100% Mortgages: Gift Or Curse?

The American dream is typically composed of a 9 to 5 high paying job, expensive cars, suburban homes, and luxurious vacations. For young adults who are just trying out in the real world, purchasing a home is deemed as a priority in achieving the American dream. However, buying a home requires tedious paper works, research, mortgage, savings, and fees. To make this excruciating purchase, a little more bearable and enjoyable basic information about home purchase should be defined.
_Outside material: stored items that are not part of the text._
(* Let $G$ be a graph on $n\geq 3$ vertices and let $k$ be an integer with $2\leq k<n$. Suppose that every connected graph $H$ on $N$ vertices with $2\leq N\leq n$ satisfies the implication $\psi_{N-1}(H)=2\Rightarrow \psi_N(H)=1$. Then $\psi_k(G)=n-k+1$ implies $\psi_j(G)=n-j+1$ for all integers $j$ with $k<j\leq n$.
   Context: All graphs are finite, simple and nonempty. For a graph $G$ and a positive integer $k$, a $k$-path vertex cover ($k$-PVC) of $G$ is a set $S$ of vertices such that every path on $k$ vertices in $G$ contains at least one vertex of $S$ (if $G$ has no path on $k$ vertices, the empty set is a $k$-PVC). $\psi_k(G)$ denotes the minimum cardinality of a $k$-PVC of $G$. *)

From mathcomp Require Import all_boot.
Set Implicit Arguments. Unset Strict Implicit. Unset Printing Implicit Defensive.

Definition simple_graph (T : finType) (e : rel T) : Prop :=
  symmetric e /\ irreflexive e.

Definition connected_graph (T : finType) (e : rel T) : Prop :=
  forall x y : T, connect e x y.

Definition is_kpath (T : finType) (e : rel T) (k : nat) (s : seq T) : bool :=
  [&& size s == k, uniq s &
      (if s is x :: s' then path e x s' else true)].

(* (sequences of length k are enumerated as k-tuples, making this boolean) *)
Definition is_kpvc (T : finType) (e : rel T) (k : nat) (S : {set T}) : bool :=
  [forall t : k.-tuple T, is_kpath e k t ==> has (fun v => v \in S) t].

(* psi_k(G): minimum cardinality of a k-PVC (for k >= 1, [set: T] is a
   k-PVC, so the default #|T| of the fold is attained). *)
Definition psi (T : finType) (e : rel T) (k : nat) : nat :=
  \big[minn/#|T|]_(S : {set T} | is_kpvc e k S) #|S|.

From mathcomp Require Import all_boot zify.
Set Implicit Arguments. Unset Strict Implicit. Unset Printing Implicit Defensive.

(* For 1 <= m <= n, psi_m(G) = n - m + 1 says exactly that every set of m
   vertices spans a path on m vertices: a cover of size n - m is escaped by a
   path in its complement, and any n - m + 1 vertices cover every m-path.
   If every j-set spans a j-path, then the graph H induced on any j + 1
   vertices is connected (two vertices lie in a common j-set) and has
   psi_j(H) = 2, so the hypothesis gives psi_(j+1)(H) = 1, i.e. H has a
   Hamiltonian path. *)

Lemma geq_bigmin_cond (I : eqType) (r : seq I) (P : pred I) (F : I -> nat) x i :
  i \in r -> P i -> \big[minn/x]_(j <- r | P j) F j <= F i.
Proof.
elim: r => // a r IHr; rewrite inE big_cons => /orP[/eqP <- -> | ir Pi].
  exact: geq_minl.
by case: (P a); [apply: leq_trans (geq_minr _ _) _|]; apply: IHr.
Qed.

Section PathVertexCover.

Variables (T : finType) (e : rel T).

Lemma kpvcP k (S : {set T}) :
  reflect (forall s, is_kpath e k s -> has (mem S) s) (is_kpvc e k S).
Proof.
apply: (iffP forallP) => [cover s s_path | cover t]; last first.
  by apply/implyP; apply: cover.
have s_size : size s == k by case/and3P: s_path.
by have /implyP := cover (Tuple s_size); apply.
Qed.

Lemma kpvcPn k (S : {set T}) :
  reflect (exists2 s, is_kpath e k s & {subset s <= ~: S}) (~~ is_kpvc e k S).
Proof.
apply: (iffP idP) => [/forallPn[t] | [s s_path s_out]].
  rewrite negb_imply => /andP[t_path t_out]; exists t => // x xt.
  by rewrite in_setC; apply: contraNN t_out => xS; apply/hasP; exists x.
apply/kpvcP => /(_ s s_path)/hasP[x xs xS].
by move: (s_out x xs); rewrite in_setC => /negP; apply.
Qed.

Lemma psi_le_card k (S : {set T}) : is_kpvc e k S -> psi e k <= #|S|.
Proof. by move=> S_cover; apply: geq_bigmin_cond; rewrite ?mem_index_enum. Qed.

Lemma leq_psi k m :
  (forall S : {set T}, is_kpvc e k S -> m <= #|S|) -> m <= #|T| -> m <= psi e k.
Proof.
move=> m_le_cover m_le_T; apply: (big_ind (fun x => m <= x)) => //.
by move=> x y mx my; rewrite leq_min mx my.
Qed.

Definition kpath_in_all_sets m :=
  forall W : {set T}, m <= #|W| -> exists2 s, is_kpath e m s & {subset s <= W}.

Lemma psi_upper_bound m : 0 < m <= #|T| -> psi e m <= #|T| - m + 1.
Proof.
move=> /andP[m_gt0 m_le_T].
have /card_geqP[r [r_uniq r_size _]] : #|T| - m + 1 <= #|[set: T]|.
  by rewrite cardsT; lia.
have r_card : #|[set x in r]| = #|T| - m + 1 by rewrite cardsE (card_uniqP r_uniq).
rewrite -r_card; apply: psi_le_card; apply/negPn/kpvcPn.
move=> [s /and3P[/eqP s_size s_uniq _] s_out].
have : m <= #|~: [set x in r]| by apply/card_geqP; exists s.
by rewrite cardsCs setCK r_card; lia.
Qed.

Lemma psi_maxP m :
  0 < m <= #|T| -> psi e m = #|T| - m + 1 <-> kpath_in_all_sets m.
Proof.
move=> m_range; have /andP[m_gt0 m_le_T] := m_range.
split => [psi_max W m_W | all_sets].
  have /kpvcPn[s s_path s_out] : ~~ is_kpvc e m (~: W).
    by apply/negP => /psi_le_card; rewrite psi_max cardsCs setCK; lia.
  by exists s => // x /s_out; rewrite setCK.
(* The finset lemmas and our statements elaborate [#|T|] to different
   (convertible) terms, which [lia] would take for distinct atoms; naming
   [#|T|] with [set] first identifies them. *)
apply/eqP; rewrite eqn_leq psi_upper_bound //=; apply: leq_psi.
  move=> S S_cover; rewrite leqNgt; apply/negP => S_small.
  have [s s_path s_out] : exists2 s, is_kpath e m s & {subset s <= ~: S}.
    by apply: all_sets; rewrite cardsCs setCK; set n := #|T| in m_le_T S_small *; lia.
  by move: S_cover; apply/negP/kpvcPn; exists s.
by set n := #|T| in m_le_T *; lia.
Qed.

Lemma kpath_connect m s x y :
  symmetric e -> is_kpath e m s -> x \in s -> y \in s -> connect e x y.
Proof.
move=> e_sym /and3P[_ _]; case: s => // z s /path_connect z_to xs ys.
apply: connect_trans (_ : connect e x z) (z_to _ ys).
by rewrite (sym_connect_sym e_sym); apply: z_to.
Qed.

Lemma kpath_in_all_sets_connected m :
  symmetric e -> 2 <= m <= #|T| -> kpath_in_all_sets m -> connected_graph e.
Proof.
move=> e_sym /andP[m_ge2 m_le_T] all_sets a b.
have [-> | ab] := eqVneq a b; first exact: connect0.
have /card_geqP[r [r_uniq r_size r_out]] : m - 2 <= #|~: [set a; b]|.
  by rewrite cardsCs setCK cards2 ab; set n := #|T| in m_le_T *; lia.
have abr_uniq : uniq [:: a, b & r].
  rewrite /= !inE negb_or ab r_uniq andbT.
  by apply/andP; split; apply/negP => /r_out; rewrite !inE eqxx ?orbT.
have [s s_path s_sub] : exists2 s, is_kpath e m s & {subset s <= [set x in [:: a, b & r]]}.
  by apply: all_sets; rewrite cardsE (card_uniqP abr_uniq) /= r_size; lia.
have [s_size s_uniq _] := and3P s_path.
have [_ s_abr] : (size s = size [:: a, b & r]) * (s =i [:: a, b & r]).
  apply: uniq_min_size => // [x /s_sub | ]; first by rewrite inE.
  by rewrite (eqP s_size) /= r_size; lia.
by apply: (kpath_connect e_sym s_path); rewrite s_abr !inE eqxx ?orbT.
Qed.

End PathVertexCover.

Section InducedSubgraph.

Variables (T' T : finType) (f : T' -> T) (e : rel T).

Lemma simple_graph_relpre : simple_graph e -> simple_graph (relpre f e).
Proof. by case=> e_sym e_irr; split=> [x y | x] /=; [apply: e_sym | apply: e_irr]. Qed.

Hypothesis f_inj : injective f.

Lemma is_kpath_relpre m s : is_kpath (relpre f e) m s = is_kpath e m (map f s).
Proof.
by rewrite /is_kpath size_map (map_inj_uniq f_inj); case: s => //= x s; rewrite path_map.
Qed.

Lemma kpath_in_all_sets_relpre m :
  kpath_in_all_sets e m -> kpath_in_all_sets (relpre f e) m.
Proof.
move=> all_sets V m_V.
have [t t_path t_sub] := all_sets (f @: V) ltac:(by rewrite card_imset).
have /subset_mapP[s s_V t_eq] : {subset t <= map f (enum V)}.
  by move=> y /t_sub/imsetP[x xV ->]; rewrite map_f ?mem_enum.
exists s; first by rewrite is_kpath_relpre -t_eq.
by move=> x /(allP s_V) /=; rewrite mem_enum.
Qed.

End InducedSubgraph.

Lemma traceable_of_kpath_in_all_sets (U : finType) (h : rel U) j :
  #|U| = j.+1 -> 2 <= j -> simple_graph h ->
  (connected_graph h -> psi h j = 2 -> psi h j.+1 = 1) ->
  kpath_in_all_sets h j -> exists s, is_kpath h j.+1 s.
Proof.
move=> U_card j_ge2 [h_sym _] hyp all_j.
have j_range : 0 < j <= #|U| by rewrite U_card; lia.
have h_conn : connected_graph h.
  by apply: (kpath_in_all_sets_connected h_sym _ all_j); rewrite U_card; lia.
have h_psi2 : psi h j = 2 by rewrite ((psi_maxP h j_range).2 all_j) U_card subSnn.
have N_range : 0 < j.+1 <= #|U| by rewrite U_card leqnn.
have psi_N : psi h j.+1 = #|U| - j.+1 + 1 by rewrite U_card subnn; exact: hyp.
have [s s_path _] := (psi_maxP h N_range).1 psi_N [set: U] ltac:(by rewrite cardsT).
by exists s.
Qed.

Lemma kpath_in_all_sets_succ (T : finType) (e : rel T) j :
  simple_graph e -> 2 <= j < #|T| ->
  (forall (N : nat) (h : rel 'I_N),
      2 <= N <= #|T| -> simple_graph h -> connected_graph h ->
      psi h N.-1 = 2 -> psi h N = 1) ->
  kpath_in_all_sets e j -> kpath_in_all_sets e j.+1.
Proof.
move=> e_simple /andP[j_ge2 j_lt_T] hyp all_j W j_W.
have /card_geqP[r [r_uniq r_size r_W]] := j_W.
pose W' : {set T} := [set x in r].
have W'_card : #|W'| = j.+1 by rewrite cardsE (card_uniqP r_uniq).
pose f : 'I_j.+1 -> T := enum_val \o cast_ord (esym W'_card).
have f_inj : injective f := inj_comp enum_val_inj (@cast_ord_inj _ _ _).
have f_simple : simple_graph (relpre f e) by apply: simple_graph_relpre.
have [|s s_path] := traceable_of_kpath_in_all_sets (card_ord j.+1) j_ge2 f_simple
  (hyp j.+1 (relpre f e) _ f_simple) (kpath_in_all_sets_relpre f_inj all_j).
  by rewrite ltnS (ltnW j_ge2).
exists (map f s); first by rewrite -is_kpath_relpre.
move=> _ /mapP[i _ ->]; apply: r_W.
by have := enum_valP (cast_ord (esym W'_card) i); rewrite inE.
Qed.

Theorem mainTheorem10 (T : finType) (e : rel T) (k : nat) :
  simple_graph e ->
  3 <= #|T| ->
  2 <= k < #|T| ->
  (forall (N : nat) (h : rel 'I_N),
      2 <= N <= #|T| -> simple_graph h -> connected_graph h ->
      psi h N.-1 = 2 -> psi h N = 1) ->
  psi e k = #|T| - k + 1 ->
  forall j : nat, k < j <= #|T| -> psi e j = #|T| - j + 1.
Proof.
move=> e_simple _ /andP[k_ge2 k_lt_T] hyp psi_k j /andP[k_lt_j j_le_T].
have k_range : 0 < k <= #|T| by lia.
have all_from_k i : k <= i <= #|T| -> kpath_in_all_sets e i.
  elim: i => [|i IHi] /andP[k_le_i i_le_T]; first by lia.
  rewrite leq_eqVlt in k_le_i; case/orP: k_le_i => [/eqP <- | k_le_i].
    exact: (psi_maxP e k_range).1.
  by apply: kpath_in_all_sets_succ => //; [lia | apply: IHi; lia].
have j_range : 0 < j <= #|T| by lia.
by apply: (psi_maxP e j_range).2; apply: all_from_k; lia.
Qed.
Home mortgage is taking out loan from financial institution to pay off home purchase and often this particular home is used as collateral. Home repossession and foreclosure is done whenever homeowners are delinquent in payments in a specific agreed time frame and acts as a security for banks, credit unions and such. During the peak of house boom, financial institutions used the 100 percent mortgage program to entice buyers because of no deposit need. Other banks and institutions even offer 125% mortgage to provide cash for clients to furnish their newly purchases homes and pay for other fees. However, 100 percent mortgages are not always available in the circulation; it is often seen when house prices are on the rise in a conducive economic environment, but since recession by the mid 2007, institutions remove 100% mortgage option in the market. The financial crisis left many homeowners in a negative equity meaning the value of their home is less than that of their debts. Disadvantages of 100 mortgage program weren’t only shouldered by homeowners but also by lenders as well because foreclosed and repossessed homes are already below their expected value. Some financial experts investing advice would at times discouraged 100 percent mortgages due to its interest rates and fees.100% mortgage tends to have higher rates by 0.5 to 2% than a mortgage with deposit plus maturity period tends to be longer at an average of 30 years. In addition, there are penalty fees for paying the loans before the set maturity and additional proof of security like stocks, saving accounts, etc. are oftentimes necessary.

Unluckily, investors dealing in real estate market during the housing price hike were buying money due to the belief that housing market boom will be sustainable and continue to increase. Regrettably, this was not the case. Today, many housing prices are continually dipping even reaching 50% off the original value. Optimistic investors are taking advantage of this crisis. Many of them are purchasing properties in a low price plus the low interest rates in the bank may be an additional gain on their side.